Moimême, je n’avais pas cette puissante faculté et je devais presque me battre pour contenir
d’infimes larmes en moi et les empêcher de couler le long de mes joues.
— Je suis absolument désolée pour ton père… Je sais que ce ne sont que des paroles, mais
je le suis sincèrement. Je sais ce que c’est de perdre les gens qui nous sont le plus chers. Mes
parents et mes sœurs sont décédés dans un incendie il y a quelques années.

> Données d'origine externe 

Lemma radicand_factor g z : 0 <= g ->
  1 - 2 * (g + 2) * z + (g - 2) ^ 2 * z ^ 2
  = ((sqrt g + sqrt 2) ^ 2 * z - 1) * ((sqrt g - sqrt 2) ^ 2 * z - 1).
Proof.
  intro Hg. assert (Hsg := pow2_sqrt g Hg). assert (Hs2 := pow2_sqrt 2 ltac:(lra)).
  replace (g - 2) with (sqrt g ^ 2 - sqrt 2 ^ 2) by lra.
  replace (g + 2) with (sqrt g ^ 2 + sqrt 2 ^ 2) by lra. ring.
Qed.

Lemma radicand_nonneg g z : 0 < g -> 0 < z <= zM g ->
  0 <= 1 - 2 * (g + 2) * z + (g - 2) ^ 2 * z ^ 2.
Proof.
  intros Hg [Hz0 Hz]. rewrite radicand_factor by lra. unfold zM in Hz.
  assert (Hsg := sqrt_pos g). assert (Hs2 := sqrt2_bounds).
  set (X := (sqrt g + sqrt 2) ^ 2) in *. set (Y := (sqrt g - sqrt 2) ^ 2).
  assert (HX : 0 < X) by (unfold X; nra).
  assert (HYX : Y <= X) by (unfold X, Y; nra).
  assert (z * X <= 1) by (replace 1 with (/ X * X) by (field; lra); apply Rmult_le_compat_r; lra).
  assert (HYz : Y * z - 1 <= 0) by nra. nra.
Qed.

Lemma V8_root g z : 0 <= 1 - 2 * (g + 2) * z + (g - 2) ^ 2 * z ^ 2 ->
  V8 g z ^ 2 + V8 g z * (1 - (g - 2) * z) + 2 * z = 0.
Proof. intro Hd. assert (Hw := pow2_sqrt _ Hd). unfold V8, wf. nra. Qed.

Lemma V8_lower g z : 1 < g <= 2.4143 -> 0 < z <= 0.175 -> -0.6 <= V8 g z.
Proof.
  intros Hg Hz. assert (Hw := sqrt_pos (1 - 2 * (g + 2) * z + (g - 2) ^ 2 * z ^ 2)).
  unfold V8, wf. nra.
Qed.

(* The root in (-1, 0) of V^2 + 3V + 1, where the line C = 1 + V meets the curve C^2 = -V. *)
Definition V_sonic : R := (sqrt 5 - 3) / 2.

Lemma z1_spec g z : 0 < g ->
  V_sonic ^ 2 + V_sonic * (1 - (g - 2) * z) + 2 * z = (2 - (g - 2) * V_sonic) * (z - z1 g).
Proof.
  intros Hg. unfold z1, V_sonic. assert (H5 := sqrt5_bounds).
  assert (H55 := pow2_sqrt 5 ltac:(lra)). set (s5 := sqrt 5) in *.
  set (Vs := (s5 - 3) / 2). set (t := (s5 - 1) / (2 * (1 + s5 + g))).
  assert (E1 : (2 - (g - 2) * Vs) * t = s5 - 2).
  { replace ((2 - (g - 2) * Vs) * t) with
      ((4 * (s5 - 2) * (1 + s5 + g) - (g + 2) * (s5 ^ 2 - 5)) / (4 * (1 + s5 + g)))
      by (unfold Vs, t; field; lra).
    rewrite H55. field. lra. }
  assert (E2 : Vs ^ 2 + Vs = 2 - s5) by (unfold Vs; nra).
  assert (E : Vs ^ 2 + Vs * (1 - (g - 2) * z) + 2 * z - (2 - (g - 2) * Vs) * (z - t)
              = (Vs ^ 2 + Vs) + (2 - (g - 2) * Vs) * t) by ring.
  lra.
Qed.

Lemma V8_below_sonic g z : 1 < g <= 2.4143 -> 0 < z <= 0.175 -> z1 g < z ->
  0 <= 1 - 2 * (g + 2) * z + (g - 2) ^ 2 * z ^ 2 -> V8 g z ^ 2 + 3 * V8 g z + 1 < 0.
Proof.
  intros Hg Hz Hz1 Hd.
  assert (Hq := V8_root g z Hd). assert (Hlow := V8_lower g z Hg Hz).
  assert (HVs := z1_spec g z ltac:(lra)).
  assert (Hw := sqrt_pos (1 - 2 * (g + 2) * z + (g - 2) ^ 2 * z ^ 2)).
  assert (Hmid : ((g - 2) * z - 1) / 2 <= V8 g z) by (unfold V8, wf; lra).
  assert (H5 := sqrt5_bounds). assert (H55 := pow2_sqrt 5 ltac:(lra)).
  set (v := V8 g z) in *. set (k := (g - 2) * z) in *. set (Vs := V_sonic) in *.
  assert (HVs_def : Vs = (sqrt 5 - 3) / 2) by reflexivity.
  assert (Hk : k <= 0.073) by (unfold k; nra).
  assert (Hfac : Vs ^ 2 + Vs * (1 - k) + 2 * z = (Vs - v) * (Vs - (k - 1 - v))) by nra.
  assert (Hother : 0 < Vs - (k - 1 - v)) by lra.
  assert (HqVs : 0 < Vs ^ 2 + Vs * (1 - k) + 2 * z).
  { rewrite HVs. apply Rmult_lt_0_compat; [nra | lra]. }
  assert (HvVs : 0 < Vs - v) by nra.
  replace (v ^ 2 + 3 * v + 1) with (- ((Vs - v) * (v - (- 3 - sqrt 5) / 2))) by nra.
  assert (0 < v - (- 3 - sqrt 5) / 2) by lra. nra.
Qed.

Definition Qcurve (m g z u : R) : R :=
  -(1 + m * (g - 1)) * u ^ 3 + (m * g - 1 + m * z * g * (g - 2)) * u ^ 2
  + (1 - m - m * z * g * (g - 1)) * u + 2 * m * z.

Lemma Gf_Ff_on_curve m g z s : s ^ 2 < 1 ->
  2 * s * Ff m g z (- s ^ 2) s + Gf m g z (- s ^ 2) s
  = s ^ 2 * Qcurve m g z (1 - s ^ 2) / (1 - s ^ 2).
Proof. intros Hs1. unfold Ff, Gf, Qcurve, lam, a1, a2, a3. field. lra. Qed.

Definition cofactor1 (v g : R) : R :=
  -2 + v * (-4 + 10 * g - 2 * g ^ 2) + v ^ 2 * (-2 + 17 * g - 5 * g ^ 2)
  + v ^ 3 * (10 * g - 4 * g ^ 2) + v ^ 4 * (2 * g - g ^ 2).

Definition cofactor2 (v g : R) : R :=
  -6 + 18 * g - 4 * g ^ 2 + v * (-12 + 35 * g - 10 * g ^ 2)
  + v ^ 2 * (-8 + 23 * g - 8 * g ^ 2) + v ^ 3 * (-2 + 5 * g - 2 * g ^ 2).

Lemma Qcurve1_at_C8 v g z : Qcurve 1 g z (- v * (2 + v)) * (2 - (g - 2) * v) =
  (v ^ 2 + 3 * v + 1) * (v * cofactor1 v g)
  + (g * (g - 2) * (- v * (2 + v)) ^ 2 - g * (g - 1) * (- v * (2 + v)) + 2)
    * (v ^ 2 + v * (1 - (g - 2) * z) + 2 * z).
Proof. unfold Qcurve, cofactor1. ring. Qed.

Lemma Qcurve2_at_C8 v g z : Qcurve 2 g z (- v * (2 + v)) * (2 - (g - 2) * v) =
  (v ^ 2 + 3 * v + 1) * (v ^ 2 * cofactor2 v g)
  + (2 * g * (g - 2) * (- v * (2 + v)) ^ 2 - 2 * g * (g - 1) * (- v * (2 + v)) + 4)
    * (v ^ 2 + v * (1 - (g - 2) * z) + 2 * z).
Proof. unfold Qcurve, cofactor2. ring. Qed.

Éprouvant un élan de nostalgie remonter en moi, je jugeai sage de ne pas m’attarder sur ce
sujet saignant.
— Mais à quoi bon s’acharner sur notre passé ? Et si on changeait de sujet ? Tu disais que
Zack Branden est ton frère…
— Mon frère jumeau, pour être exact, me coupa-t-il. Eh oui ! Le grand et odieux capitaine de
l’équipe de basketball est mon jumeau aîné de quelques minutes ! Je sais qu’il n’est pas
vraiment un modèle de fraternité avec toutes les moqueries qu’il arrive à inclure dans une seule
et unique phrase à mon égard. En fait, il n’agit de cette façon qu’à l’école, et depuis peu, car du
plus loin que je me souvienne, il a toujours été mon meilleur ami. Disons que depuis qu’il m’a
pris mon titre de capitaine des Rangers, il ne peut cesser de me réprimander ma lâcheté d’avoir
arrêté ce sport.Pendant qu’il continuait de parler, je ne pus m’empêcher de me retourner vers le jumeau
diabolique pour lui lancer un regard noir, et si mes yeux azur avaient été deux larges pistolets
métalliques de 9 mm, je crois qu’il aurait été transpercé par les balles de plomb. Je l’entendis
alors rire et je ne pus retenir une hideuse grimace de dégoût. Comme son rire était affreux et
machiavélique. Si j’avais pu, je me serais bouché les oreilles pour ne pas entendre ce supplice
auditif. Je me retournai donc vers Charles, pour ne plus entendre ce carnage. Quand j’entendis
sa dernière phrase, je m’exclamai aussitôt :
— Tu étais capitaine de l’équipe avant ton frère ? Mais pourquoi ne l’es-tu plus à présent ?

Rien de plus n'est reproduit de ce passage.